KeywordsPodoplaninEsophagal cancerCancer associated fibroblastsPrognosis
Malignant tumors consist of two cell types: a collection of mutated cells growing uncontrolled–the so called tumor cells-and various other co-opted non-malignant cell types including fibroblasts, blood and lymphatic endothelial cells and immune cells . The cytokine mediated tumor-stromal interaction has been shown to play a critical role in tumor progression and metastasis [2–4]. Activated fibroblasts that are recruited into cancer tissue (the so called cancer-associated fibroblasts, CAFs) are supposed to promote tumor progression by secreting different cytokines and growth factors [5, 6].

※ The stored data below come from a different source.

(* Let $d\ge 1$, let $L:\mathbb{R}^d\times\mathbb{R}^{d+1}\to\mathbb{R}$ be a loss function such that $L(w,z)$ is convex in $w$ for every $z$, and let $\nabla_1 L(w,z)$ denote a (fixed choice of) sub-gradient of $L(\cdot,z)$ at $w$. Assume there are constants $A,B\ge 0$ such that $\|\nabla_1 L(w,z)\|^2\le A\,L(w,z)+B$ for all $w\in\mathbb{R}^d$ and $z\in\mathbb{R}^{d+1}$. Let $\eta>0$ with $1-0.5A\eta\neq 0$, let $\theta\in[0,\infty]$, let $g_1,g_2,\ldots\ge 0$ be gravity parameters, and let $z_1,z_2,\ldots\in\mathbb{R}^{d+1}$ be an arbitrary sequence. Define $w_1=0$ and, for $i\ge 1$, \[ w_{i+1}=T_1\big(w_i-\eta\nabla_1 L(w_i,z_i),\ \eta g_i,\ \theta\big). \] Then for every $T\ge 1$ and every $\bar w\in\mathbb{R}^d$, \[ \frac{1-0.5A\eta}{T}\sum_{i=1}^T\left[L(w_i,z_i)+\frac{g_i}{1-0.5A\eta}\,\|w_{i+1}\cdot I(|w_{i+1}|\le\theta)\|_1\right] \le \frac{\eta}{2}B+\frac{\|\bar w\|^2}{2\eta T}+\frac1T\sum_{i=1}^T\Big[L(\bar w,z_i)+g_i\,\|\bar w\cdot I(|w_{i+1}|\le\theta)\|_1\Big]. \]
   Context: $\|\cdot\|$ is the Euclidean norm and $\|\cdot\|_1$ the $1$-norm. For $v=(v_1,\dots,v_d)\in\mathbb{R}^d$, $\alpha\ge 0$ and $\theta\in[0,\infty]$, the truncation operator is $T_1(v,\alpha,\theta)=(T_1(v_1,\alpha,\theta),\dots,T_1(v_d,\alpha,\theta))$ with $T_1(v_j,\alpha,\theta)=\max(0,v_j-\alpha)$ if $v_j\in[0,\theta]$, $=\min(0,v_j+\alpha)$ if $v_j\in[-\theta,0]$, and $=v_j$ otherwise. For vectors $v,v'\in\mathbb{R}^d$, $\|v\cdot I(|v'|\le\theta)\|_1:=\sum_{j=1}^d |v_j|\,I(|v'_j|\le\theta)$, where $I(\cdot)$ is the indicator function. *)

(* R : realType, vectors in R^d as row vectors 'rV[R]_d,
   theta in [0, +oo] as an extended real. *)
From HB Require Import structures.
From mathcomp Require Import all_boot all_order all_algebra.
From mathcomp Require Import reals constructive_ereal.
Set Implicit Arguments. Unset Strict Implicit. Unset Printing Implicit Defensive.
Import Order.TTheory GRing.Theory Num.Theory.
Local Open Scope ring_scope.

Section Defs.
Variable R : realType.

Definition sqnorm (n : nat) (v : 'rV[R]_n) : R := \sum_(j < n) (v 0 j) ^+ 2.

Definition dotp (n : nat) (u v : 'rV[R]_n) : R := \sum_(j < n) u 0 j * v 0 j.

Definition T1s (x alpha : R) (theta : \bar R) : R :=
  if ((0 <= x) && (x%:E <= theta)%E) then Num.max 0 (x - alpha)
  else if ((x <= 0) && ((- x)%:E <= theta)%E) then Num.min 0 (x + alpha)
  else x.

Definition T1 (n : nat) (v : 'rV[R]_n) (alpha : R) (theta : \bar R) : 'rV[R]_n :=
  \row_(j < n) T1s (v 0 j) alpha theta.

Definition l1_ind (n : nat) (v v' : 'rV[R]_n) (theta : \bar R) : R :=
  \sum_(j < n) `|v 0 j| * (if (`|v' 0 j|%:E <= theta)%E then 1 else 0).

End Defs.

From HB Require Import structures.
From mathcomp Require Import all_boot all_order all_algebra.
From mathcomp Require Import reals constructive_ereal ring lra.
Set Implicit Arguments. Unset Strict Implicit. Unset Printing Implicit Defensive.
Import Order.TTheory GRing.Theory Num.Theory.
Local Open Scope ring_scope.

(* A truncated-gradient step is a gradient step followed by soft thresholding by
   [eta * g_i] of the coordinates landing in [[-theta, theta]].  Soft thresholding is
   the proximal map of [a |.|], so on those coordinates it brings the iterate closer
   to any comparator [u] by at least [2 a (|w'_j| - |u_j|)]; elsewhere it is the
   identity.  Together with the subgradient inequality and the bound
   [|grad|^2 <= A L + B] this bounds [2 eta ((1 - A eta / 2) L(w_i) + g_i |w_{i+1}|_1)]
   by the decrease of [|w_i - wbar|^2] plus comparator terms, and summing over
   [i = 1 .. T] telescopes, with [w_1 = 0]. *)

Section SoftThreshold.
Variable R : realFieldType.
Implicit Types x u a : R.

Lemma soft_threshold_pos_sqrB_le x u a : 0 <= a -> 0 <= x ->
  (Num.max 0 (x - a) - u) ^+ 2 <= (x - u) ^+ 2 - 2 * a * (`|Num.max 0 (x - a)| - `|u|).
Proof.
move=> a0 x0; rewrite /Num.max; case: ltP => xa;
  rewrite ?normr0 ?(ger0_norm (ltW xa));
  (case: (lerP 0 u) => u0; [rewrite (ger0_norm u0) | rewrite (ltr0_norm u0)]);
  rewrite !expr2; nra.
Qed.

Lemma soft_threshold_neg_sqrB_le x u a : 0 <= a -> x <= 0 ->
  (Num.min 0 (x + a) - u) ^+ 2 <= (x - u) ^+ 2 - 2 * a * (`|Num.min 0 (x + a)| - `|u|).
Proof.
move=> a0 x0; have -> : Num.min 0 (x + a) = - Num.max 0 (- x - a).
  by rewrite oppr_max oppr0 opprD !opprK.
have nx0 : 0 <= - x by rewrite oppr_ge0.
have := soft_threshold_pos_sqrB_le (- u) a0 nx0.
by rewrite !normrN !expr2; nra.
Qed.

End SoftThreshold.

Lemma T1s_sqrB_le (R : realType) (x u a : R) (theta : \bar R) : 0 <= a ->
  (T1s x a theta - u) ^+ 2 <= (x - u) ^+ 2 - 2 * a *
    ((`|T1s x a theta| - `|u|) * (if (`|T1s x a theta|%:E <= theta)%E then 1 else 0)).
Proof.
move=> a0; rewrite /T1s; case: ifP => [/andP[x0 xth] | xNpos].
  have -> : (`|Num.max 0 (x - a)|%:E <= theta)%E.
    apply: le_trans xth; rewrite lee_fin ger0_norm ?le_max ?lexx //.
    by rewrite ge_max x0 lerBlDr lerDl a0.
  by rewrite mulr1; apply: soft_threshold_pos_sqrB_le.
case: ifP => [/andP[x0 xth] | xNneg].
  have -> : (`|Num.min 0 (x + a)|%:E <= theta)%E.
    apply: le_trans xth; rewrite lee_fin ler0_norm ?ge_min ?lexx //.
    by rewrite lerN2 le_min x0 lerDl a0.
  by rewrite mulr1; apply: soft_threshold_neg_sqrB_le.
suff -> : (`|x|%:E <= theta)%E = false by rewrite mulr0 mulr0 subr0.
apply/negbTE/negP => xth; case: (lerP 0 x) => x0.
  by move: xNpos; rewrite x0 -(ger0_norm x0) xth.
by move: xNneg; rewrite (ltW x0) -(ltr0_norm x0) xth.
Qed.

Section RowVectors.
Variables (R : realType) (n : nat).
Implicit Types u v : 'rV[R]_n.

Lemma sqnorm_ge0 v : 0 <= sqnorm v.
Proof. by apply: sumr_ge0 => j _; apply: sqr_ge0. Qed.

Lemma sqnormN v : sqnorm (- v) = sqnorm v.
Proof. by apply: eq_bigr => j _; rewrite mxE sqrrN. Qed.

Lemma dotpNr u v : dotp u (- v) = - dotp u v.
Proof. by rewrite /dotp -sumrN; apply: eq_bigr => j _; rewrite mxE mulrN. Qed.

Lemma sqnormB_scale u v (e : R) :
  sqnorm (u - e *: v) = sqnorm u - 2 * e * dotp v u + e ^+ 2 * sqnorm v.
Proof.
rewrite /sqnorm /dotp !mulr_sumr -sumrB -big_split; apply: eq_bigr => j _.
by rewrite !mxE /=; ring.
Qed.

Lemma T1_sqnormB_le v u (a : R) (theta : \bar R) : 0 <= a ->
  sqnorm (T1 v a theta - u) <= sqnorm (v - u)
    - 2 * a * (l1_ind (T1 v a theta) (T1 v a theta) theta - l1_ind u (T1 v a theta) theta).
Proof.
move=> a0; rewrite /sqnorm /l1_ind -sumrB mulr_sumr -sumrB.
by apply: ler_sum => j _; rewrite !mxE -mulrBl; apply: T1s_sqrB_le.
Qed.

End RowVectors.

Lemma sum_le_telescope (R : numDomainType) (a b D : nat -> R) (m k : nat) : (m <= k)%N ->
  (forall i, (m <= i < k)%N -> a i <= D i - D i.+1 + b i) ->
  \sum_(m <= i < k) a i <= D m - D k + \sum_(m <= i < k) b i.
Proof.
move=> mk ab; apply: le_trans (ler_sum_nat ab) _.
have tele : \sum_(m <= i < k) (D i - D i.+1) = D m - D k.
  rewrite -opprB -telescope_sumr // -sumrN.
  by apply: eq_bigr => i _; rewrite opprB.
by rewrite big_split /= tele.
Qed.

Section TruncatedGradientStep.
Variables (R : realType) (n : nat) (Z : Type).
Variables (L : 'rV[R]_n -> Z -> R) (grad : 'rV[R]_n -> Z -> 'rV[R]_n) (A B : R).
Hypothesis grad_subgradient : forall zz u v, L u zz + dotp (grad u zz) (v - u) <= L v zz.
Hypothesis grad_sqnorm_le : forall u zz, sqnorm (grad u zz) <= A * L u zz + B.

Lemma truncated_gradient_step_le (w w' wbar : 'rV[R]_n) (zz : Z) (eta gi : R)
    (theta : \bar R) :
  0 <= eta -> 0 <= gi -> w' = T1 (w - eta *: grad w zz) (eta * gi) theta ->
  2 * eta * ((1 - A * eta / 2) * L w zz + gi * l1_ind w' w' theta)
  <= sqnorm (w - wbar) - sqnorm (w' - wbar)
     + (2 * eta * (L wbar zz + gi * l1_ind wbar w' theta) + eta ^+ 2 * B).
Proof.
move=> eta0 gi0 w'E; set G := grad w zz.
have trunc := T1_sqnormB_le (w - eta *: G) wbar theta (mulr_ge0 eta0 gi0).
rewrite -w'E addrAC sqnormB_scale in trunc.
have sub : 2 * eta * (L w zz - L wbar zz) <= 2 * eta * dotp G (w - wbar).
  have := grad_subgradient zz w wbar; rewrite -opprB dotpNr => sub.
  by apply: ler_wpM2l; lra.
have bound : eta ^+ 2 * sqnorm G <= eta ^+ 2 * (A * L w zz + B).
  by apply: ler_wpM2l; [apply: sqr_ge0 | apply: grad_sqnorm_le].
nra.
Qed.

End TruncatedGradientStep.

Theorem theorem1 (R : realType) (d : nat)
  (L : 'rV[R]_d -> 'rV[R]_(d.+1) -> R)
  (grad : 'rV[R]_d -> 'rV[R]_(d.+1) -> 'rV[R]_d)
  (A B eta : R) (theta : \bar R)
  (g : nat -> R) (z : nat -> 'rV[R]_(d.+1)) (w : nat -> 'rV[R]_d) :
  (0 < d)%N ->
  (* L(., z) is convex for every z *)
  (forall (zz : 'rV[R]_(d.+1)) (u v : 'rV[R]_d) (t : R), 0 <= t <= 1 ->
      L (t *: u + (1 - t) *: v) zz <= t * L u zz + (1 - t) * L v zz) ->
  (* grad w z is a sub-gradient of L(., z) at w *)
  (forall (zz : 'rV[R]_(d.+1)) (u v : 'rV[R]_d),
      L u zz + dotp (grad u zz) (v - u) <= L v zz) ->
  0 <= A -> 0 <= B ->
  (forall (u : 'rV[R]_d) (zz : 'rV[R]_(d.+1)),
      sqnorm (grad u zz) <= A * L u zz + B) ->
  0 < eta -> 1 - A * eta / 2 != 0 ->
  (0 <= theta)%E ->
  (forall i, (1 <= i)%N -> 0 <= g i) ->
  w 1%N = 0 ->
  (forall i, (1 <= i)%N ->
     w i.+1 = T1 (w i - eta *: grad (w i) (z i)) (eta * g i) theta) ->
  forall (T : nat) (wbar : 'rV[R]_d), (1 <= T)%N ->
  (1 - A * eta / 2) / T%:R *
    \sum_(1 <= i < T.+1)
       (L (w i) (z i) + g i / (1 - A * eta / 2) * l1_ind (w i.+1) (w i.+1) theta)
  <= eta / 2 * B + sqnorm wbar / (2 * eta * T%:R)
     + 1 / T%:R * \sum_(1 <= i < T.+1)
         (L wbar (z i) + g i * l1_ind wbar (w i.+1) theta).
Proof.
move=> _ _ subgrad _ _ grad_le eta0 c0 _ g0 w1 wE T wbar T_gt0.
set c := 1 - A * eta / 2.
have := @sum_le_telescope _ _ _ (fun i => sqnorm (w i - wbar)) _ _ (leqW T_gt0)
  (fun i iT => truncated_gradient_step_le subgrad grad_le wbar (ltW eta0)
                 (g0 i (andP iT).1) (wE i (andP iT).1)).
rewrite w1 sub0r sqnormN big_split /= sumr_const_nat subn1 /= => regret.
have DT0 := sqnorm_ge0 (w T.+1 - wbar).
have T0 : 0 < T%:R :> R by rewrite ltr0n.
have -> : c / T%:R * \sum_(1 <= i < T.+1)
       (L (w i) (z i) + g i / c * l1_ind (w i.+1) (w i.+1) theta)
   = (2 * eta * T%:R)^-1 * \sum_(1 <= i < T.+1)
       (2 * eta * (c * L (w i) (z i) + g i * l1_ind (w i.+1) (w i.+1) theta)).
  rewrite !mulr_sumr; apply: eq_bigr => i _; field.
  by rewrite c0 (gt_eqF eta0) (gt_eqF T0).
have -> : eta / 2 * B + sqnorm wbar / (2 * eta * T%:R)
     + 1 / T%:R * \sum_(1 <= i < T.+1) (L wbar (z i) + g i * l1_ind wbar (w i.+1) theta)
   = (2 * eta * T%:R)^-1 * (sqnorm wbar + (\sum_(1 <= i < T.+1)
       2 * eta * (L wbar (z i) + g i * l1_ind wbar (w i.+1) theta) + eta ^+ 2 * B *+ T)).
  rewrite -mulr_sumr mulr_natr; field.
  by rewrite (gt_eqF eta0) (gt_eqF T0).
by apply: ler_wpM2l; [rewrite invr_ge0 mulr_ge0 // ?ler0n; lra | lra].
Qed.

The mucin-type sialoglycoprotein podoplanin, a selective marker of lymphatic endothelium, was recently shown to be overexpressed in CAFs of adenocarcinomas of the lung and breast cancer where it was associated with tumor progression, metastasis and poor prognosis [7–9].
Esophageal cancer is one of the most common cancers worldwide with significant growing incidences of adenocarcinomas (AC) over the past years. Despite discrete improvements in treatment in recent days, long-term survival rates in patients with advanced disease are still far below 10 %.
Aim of this study was evaluate the role and clinical impact of podoplanin expressing CAFs in primary and metastatic AC of the esophagus.
Patients and methods
All patients who underwent surgical treatment of esophagal AC between the years 1992 and 2011 at the Department of Surgery Medical University of Vienna were included into this retrospective study. Institutional review board approval was obtained. Further, tissues from corresponding lymph node and/or distant metastases as well as local recurrences when available were investigated. In addition, samples of Barrett’s mucosa with our without dysplasia were included.
Immunohistochemistry was performed on 3 μm thick paraffin sections applying the Benchmark Ultra immunostainer (Ventana) according to the manufacturer’s instructions. Podoplanin expression was detected with the mouse moncolonal anti-podoplanin antibody D2-40 (catalog number 760–4,395, Venatana, Tucson, AZ, ready to use). In three randomly selected cases vimentin with antibody clone SP20 (Thermo Fisher Scientific, Fremont, CA; 1:300) and alpha- smooth muscle actin with antibody clone 1A4 (DAKO, Glostrup, Denmark, 1:200) was immunostained.
Analysis was performed by two independent observers (S.F.S. and P.B.) In cases with divergent results, slides were reassessed using a multiheaded microscope.
A specimen was scored as positive for podoplanin expression in CAFs (CAF+), when ≥10 % of the fibromatous tumor stroma showed a distinct staining reaction . Lymphatic vessels served as internal positive control. Lymphatic vessel invasion (LVI) of tumor cells in primary tumors was scored as positive, if tumor cells were seen in at least one podoplanin decorated vascular space.
A specimen was considered as showing podoplanin expression in tumors cells if positive cytoplasmic staining reaction was seen, regardless of percentage or intensity.
Statistics and survival-analysis
All statistics were calculated using statistical package for the social sciences (SPSS®) 19.0 software (SPSS Inc., Chicago, IL, USA).
Mann–Whitney U tests, McNemar and Chi square tests were used as appropriate. Disease free survival (DFS) was defined as the time from primary surgery to first evidence of recurrent disease. Overall survival (OS) was defined as the time between primary surgery and death from esophagal cancer. Survival until the end of the observation period or death from another cause than esophagal cancer was considered as a censored oberservation.
Univariate analysis of survival was performed using the log-rank test, multivariable survival analysis using Cox regression. Tumor stage and lymph node status according to UICC 7th edition, patients age (<60 vs. >60 years), residual tumor after surgery, histological grading and podoplanin expression in CAFs (CAF+ vs. CAF−) were included into the regression model. A two tailed p value of ≤0.05 was considered as significant.
Finally 200 patients with invasive AC, 14 patients with Barrett’s mucosa without dysplasia, 4 patients with low grade dysplastic Barrett’s mucosa and 17 patients with high grade dysplasia were included into the study. In patients with premalignant lesions, resection had been performed due other than oncologic indication (e.g. esophagal perforation or end stage achalasia).
In 66 patients tissue from lymph node metastases, in 23 from distant metastases and in 7 from local recurrences was available and included into the analysis.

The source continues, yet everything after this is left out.